Apple: Fake Memo Didn't Come from Internal Server

Apple attempted to squash the confusion surrounding a fake memo published on AOL blog Engadget Wednesday, which claimed both the iPhone and Leopard were being delayed and temporarily led to a major drop in Apple stock. The company says the memo was not sent from its servers.

Instead, the fake memo was simply crafted to look like it came from Apple and contained the same wording that typically accompanies legitimate internal communication from the company's Bullet News system. The e-mail was then sent to a handful of employees, one of whom passed it to Engadget.

Within minutes, Apple's stock tumbled two percent, falling to an Intraday low of $103.42. This was after the stock opened the day up over $1.30 from its previous close. As it closed in on the end of the day's trading, the stock had still not managed to recoup all of its losses.

Apple lost four billion dollars in market capitalization in just six minutes.

Engadget claimed in an update to its original post that the e-mail "was an ACTUAL email distributed within Apple's internal email system to Apple employees." This statement led many to defend the blog's actions.

"I have to say that I, too, would have posted this news based on the source. The email was in fact sent from Apple’s email server to Apple employees and was then forwarded to Engadget from a trusted source," commented high-profile blogger Michael Arrington.

Even Jupiter Research vice president Michael Gartenberg -- a long proponent of getting the story right rather than first -- supported the site, stating that, "I don't if I would have acted differently than Ryan did. Engadget had a legitimate Apple email, coming from a source at Apple."

But Apple now says that the e-mail did not come from its internal email system, which indicates that a check of the message's headers could have revealed the hoax.
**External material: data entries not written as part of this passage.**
(* Let $p$ be an odd prime, let $n\ge 1$ and $0\le k\le n$, and let $\mathcal S\subseteq \mathbb Z_p^{2n}$ be an isotropic subspace of dimension $n-k$. Let $\hat\rho$ be any single-qudit density matrix on $\mathbb C^p$. Then the probability of successfully projecting $\hat\rho^{\otimes n}$ onto the trivial-syndrome codespace of $\mathcal S$ equals the complete weight enumerator of $\mathcal S^\perp$ evaluated at the entries of the Wigner function of $\hat\rho$: $$\operatorname{tr}\!\left(\hat\Pi^0_{\mathcal S}\,\hat\rho^{\otimes n}\right)=w\big(\mathcal S^\perp;\{W(\hat\rho;i,j)\}\big)=\sum_{(\vec u|\vec v)\in\mathcal S^\perp}\ \prod_{i=1}^n W(\hat\rho;u_i,v_i).$$
   Context: Let $p$ be an odd prime, $\omega=e^{2\pi i/p}$, and $2^{-1}$ the inverse of $2$ in $\mathbb Z_p$. On $\mathbb C^p$ with basis $\{|k\rangle\}_{k\in\mathbb Z_p}$ let $\hat X=\sum_k|k+1\rangle\langle k|$, $\hat Z=\sum_k\omega^k|k\rangle\langle k|$, and $\hat D(u,v)=\omega^{-2^{-1}uv}\hat X^u\hat Z^v$ for $u,v\in\mathbb Z_p$. For $\chi=(\vec u|\vec v)\in\mathbb Z_p^{2n}$ (with $\vec u,\vec v\in\mathbb Z_p^n$) let $\hat D(\chi)=\hat D(u_1,v_1)\otimes\cdots\otimes\hat D(u_n,v_n)$. The symplectic form is $[\chi,\chi']=\vec u\cdot\vec v'-\vec u'\cdot\vec v$. A subspace $\mathcal S\subseteq\mathbb Z_p^{2n}$ is isotropic if $[\chi,\chi']=0$ for all $\chi,\chi'\in\mathcal S$; it is identified with the stabilizer group $\{\hat D(\chi):\chi\in\mathcal S\}$. Define $\mathcal S^\perp=\{\chi\in\mathbb Z_p^{2n}:[\chi,\sigma]=0\ \forall\sigma\in\mathcal S\}$, and the trivial-syndrome projector $\hat\Pi^0_{\mathcal S}=p^{-(n-k)}\sum_{\chi\in\mathcal S}\hat D(\chi)$. Phase point operators: $\hat A(0,0)=p^{-1}\sum_{u,v\in\mathbb Z_p}\hat D(u,v)$, $\hat A(u,v)=\hat D(u,v)\hat A(0,0)\hat D(u,v)^\dagger$. The discrete Wigner function of a single-qudit state is $W(\hat\rho;u,v)=p^{-1}\operatorname{tr}(\hat\rho\hat A(u,v))$. For a subset $T\subseteq\mathbb Z_p^{2n}$ and numbers $\{y_{ij}\}_{i,j\in\mathbb Z_p}$, the complete weight enumerator is $w(T;\{y_{ij}\})=\sum_{(\vec u|\vec v)\in T}\prod_{i=1}^n y_{u_i,v_i}$. *)

From HB Require Import structures.
From mathcomp Require Import all_boot all_order all_algebra.
From mathcomp Require Import reals trigo.
From mathcomp Require Import complex.
Set Implicit Arguments. Unset Strict Implicit. Unset Printing Implicit Defensive.
Import Order.TTheory GRing.Theory Num.Theory.
Local Open Scope ring_scope.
The company did not say whether it would try to find the individual responsible for the fake memo.

AOL's Ryan Block, who manages Engadget and posted the original memo, apologized on the site late Thursday. In the posting, Block explained that the memo "by all appearances was a legitimate email from Apple corporate."

He also responded to the questionable point in the memo that said a press release had been issued to announce the delay of the iPhone and Leopard. Block believed a press release would come later, and the site would have been doing a "disservice to our readers" had it sat on the story until confirmation.

Due to the seeming manipulation in Apple's stock price, the SEC could take action, but would not confirm whether or not it was investigating the matter.

"The fact is that big blogs now have an incredible amount of power to move information quickly, and influence people more broadly than ever before. I’m not sure we (bloggers) understood quite how much influence we really had until yesterday," added Arrington.